-------- DATA EXTRACT --------

Definition closed_comb (c : comb) : Prop := forall y, ~ comb_fv c y.

Lemma closed_comb_provable c A : comb_type c A -> closed_comb c -> provable_BBpIW A.
Proof.
  induction 1 as [x| | | | |p q A B _ IHp _ IHq]; intros Hc;
    try (constructor; fail).
  - exfalso. apply (Hc x). reflexivity.
  - eapply mp; [apply IHp|apply IHq]; intros y Hy; apply (Hc y); simpl; auto.
Qed.

Definition comb_S : comb := CApp (CApp CB (CApp CB CW)) (CApp (CApp CB (CApp CB' CB')) CB').

Definition comb_S' : comb := CApp (CApp CB (CApp CB CW)) (CApp (CApp CB CB) CB').

Lemma comb_S_type a b c :
  comb_type comb_S (Imp (Imp a (Imp b c)) (Imp (Imp a b) (Imp a c))).
Proof. repeat econstructor. Qed.

Lemma comb_S'_type a b c :
  comb_type comb_S' (Imp (Imp a b) (Imp (Imp a (Imp b c)) (Imp a c))).
Proof. repeat econstructor. Qed.

Lemma comb_S_closed_HRM : closed_comb comb_S /\ comb_HRM comb_S.
Proof. split; [intros y; simpl; tauto|simpl; repeat split; intros z Hz; simpl in Hz; tauto]. Qed.

Lemma comb_S'_closed_HRM : closed_comb comb_S' /\ comb_HRM comb_S'.
Proof. split; [intros y; simpl; tauto|simpl; repeat split; intros z Hz; simpl in Hz; tauto]. Qed.

(* Two closed combinators of flipped types allow applying to [p] and [q] in
   whichever order keeps the result HRM. *)
Lemma HRM_apply2 c1 c2 p q T1 T2 R :
  comb_type c1 (Imp T1 (Imp T2 R)) -> closed_comb c1 -> comb_HRM c1 ->
  comb_type c2 (Imp T2 (Imp T1 R)) -> closed_comb c2 -> comb_HRM c2 ->
  comb_type p T1 -> comb_HRM p -> comb_type q T2 -> comb_HRM q ->
  exists N, comb_type N R /\ comb_HRM N /\
    same_vars (comb_fv N) (var_union (comb_fv p) (comb_fv q)).
Proof.
  intros t1 c1_cl h1 t2 c2_cl h2 tp hp tq hq.
  destruct (dominated_total (comb_fv p) (comb_fv q)) as [Hpq|Hqp].
  - exists (CApp (CApp c1 p) q). split; [econstructor; [econstructor|]; eauto|].
    split.
    + simpl. repeat split; auto.
      * intros y Hy. destruct (c1_cl y Hy).
      * intros y [Hy|Hy]; [destruct (c1_cl y Hy)|exact (Hpq y Hy)].
    + intros y. simpl. unfold var_union. specialize (c1_cl y). tauto.
  - exists (CApp (CApp c2 q) p). split; [econstructor; [econstructor|]; eauto|].
    split.
    + simpl. repeat split; auto.
      * intros y Hy. destruct (c2_cl y Hy).
      * intros y [Hy|Hy]; [destruct (c2_cl y Hy)|exact (Hqp y Hy)].
    + intros y. simpl. unfold var_union. specialize (c2_cl y). tauto.
Qed.

Lemma bracket_abstraction c A :
  comb_type c A -> comb_HRM c -> forall x, comb_fv c x ->
  (forall y, comb_fv c y -> O y <= O x) ->
  exists c', comb_type c' (Imp (Omega x) A) /\ comb_HRM c' /\
    same_vars (comb_fv c') (fun y => comb_fv c y /\ y <> x).
Proof.
  intros Ht. induction Ht as [y| | | | |p q A B tp IHp tq IHq];
    intros Hh x Hx Hmax; simpl in Hx; try contradiction.
  - subst. exists CI. split; [constructor|]. split; [exact I|].
    intros z; simpl. tauto.
  - destruct Hh as [hp [hq Hdom]].
    assert (xq : comb_fv q x) by exact (dominated_max_in_right Hdom Hx Hmax).
    destruct (IHq hq x xq (fun y Hy => Hmax y (or_intror Hy))) as [q' [tq' [hq' Eq]]].
    destruct (classic (comb_fv p x)) as [xp|nxp].
    + destruct (IHp hp x xp (fun y Hy => Hmax y (or_introl Hy))) as [p' [tp' [hp' Ep]]].
      destruct comb_S_closed_HRM as [cS hS]. destruct comb_S'_closed_HRM as [cS' hS'].
      destruct (HRM_apply2 (comb_S_type _ _ _) cS hS (comb_S'_type _ _ _) cS' hS'
                  tp' hp' tq' hq') as [N [tN [hN EN]]].
      exists N. split; [exact tN|]. split; [exact hN|].
      intros y. rewrite (EN y). unfold var_union. rewrite (Ep y), (Eq y). simpl. tauto.
    + destruct (HRM_apply2 (ct_B _ _ _) (fun y H => H) I (ct_B' _ _ _) (fun y H => H) I
                  tp hp tq' hq') as [N [tN [hN EN]]].
      exists N. split; [exact tN|]. split; [exact hN|].
      assert (Hpx : forall y, comb_fv p y -> y <> x) by (intros y Hy ->; contradiction).
      intros y. rewrite (EN y). unfold var_union. rewrite (Eq y). simpl.
      specialize (Hpx y). tauto.
Qed.

Lemma typed_term_to_comb M A : has_type O Omega M A ->
  exists c, comb_type c A /\ comb_HRM c /\ same_vars (comb_fv c) (fv M).
Proof.
  induction 1 as [x|x M psi _ [c [tc [hc Ec]]] HH|M N chi psi _ [c1 [t1 [h1 E1]]] _ [c2 [t2 [h2 E2]]] HH].
  - exists (CVar x). split; [constructor|]. split; [exact I|]. intros y; simpl; tauto.
  - inversion HH as [|x0 M0 _ Hx Hmax|]; subst.
    destruct (bracket_abstraction tc hc (proj2 (Ec x) Hx)
                (fun y Hy => Hmax y (proj1 (Ec y) Hy))) as [c' [t' [h' E']]].
    exists c'. split; [exact t'|]. split; [exact h'|].
    intros y. rewrite (E' y), (Ec y). simpl. tauto.
  - inversion HH as [| |M0 N0 _ _ Hdom]; subst.
    exists (CApp c1 c2). split; [econstructor; eauto|]. split.
    + simpl. repeat split; auto. intros z Hz. apply E1 in Hz.
      destruct (Hdom z Hz) as [y [Hy Hle]]. exists y. split; [apply E2, Hy|exact Hle].
    + intros y. simpl. rewrite (E1 y), (E2 y). tauto.
Qed.

Theorem NF_inhabited_provable phi : NF_inhabited O Omega phi -> provable_BBpIW phi.
Proof.
  intros [M [_ [Hcl [_ Hty]]]].
  destruct (typed_term_to_comb Hty) as [c [tc [_ Ec]]].
  apply (closed_comb_provable tc). intros y Hy. exact (Hcl y (proj1 (Ec y) Hy)).
Qed.

End BracketAbstraction.
End HRMLogic.

Theorem lemma1p10 (X : Type) (O : X -> nat) (Omega : X -> form)
  (X_countably_infinite : exists f : nat -> X,
      (forall m n, f m = f n -> m = n) /\ (forall x, exists n, f n = x))
  (O_inj : forall x y, O x = O y -> x = y)
  (Omega_inf : forall (phi : form) (l : list X),
      exists x, Omega x = phi /\ ~ In x l) :
  forall phi : form, provable_BBpIW phi <-> NF_inhabited O Omega phi.
Proof.
  intros phi. split.
  - exact (@provable_NF_inhabited X O O_inj Omega Omega_inf phi).
  - exact (@NF_inhabited_provable X O O_inj Omega phi).
Qed.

--------

Would you copy, unchanged, the stretch of the records above that begins at the line containing "assert (Hpx : forall" and ends at the line containing "(fun y Hy => Hmax y (proj1", and only that?

      assert (Hpx : forall y, comb_fv p y -> y <> x) by (intros y Hy ->; contradiction).
      intros y. rewrite (EN y). unfold var_union. rewrite (Eq y). simpl.
      specialize (Hpx y). tauto.
Qed.

Lemma typed_term_to_comb M A : has_type O Omega M A ->
  exists c, comb_type c A /\ comb_HRM c /\ same_vars (comb_fv c) (fv M).
Proof.
  induction 1 as [x|x M psi _ [c [tc [hc Ec]]] HH|M N chi psi _ [c1 [t1 [h1 E1]]] _ [c2 [t2 [h2 E2]]] HH].
  - exists (CVar x). split; [constructor|]. split; [exact I|]. intros y; simpl; tauto.
  - inversion HH as [|x0 M0 _ Hx Hmax|]; subst.
    destruct (bracket_abstraction tc hc (proj2 (Ec x) Hx)
                (fun y Hy => Hmax y (proj1 (Ec y) Hy))) as [c' [t' [h' E']]].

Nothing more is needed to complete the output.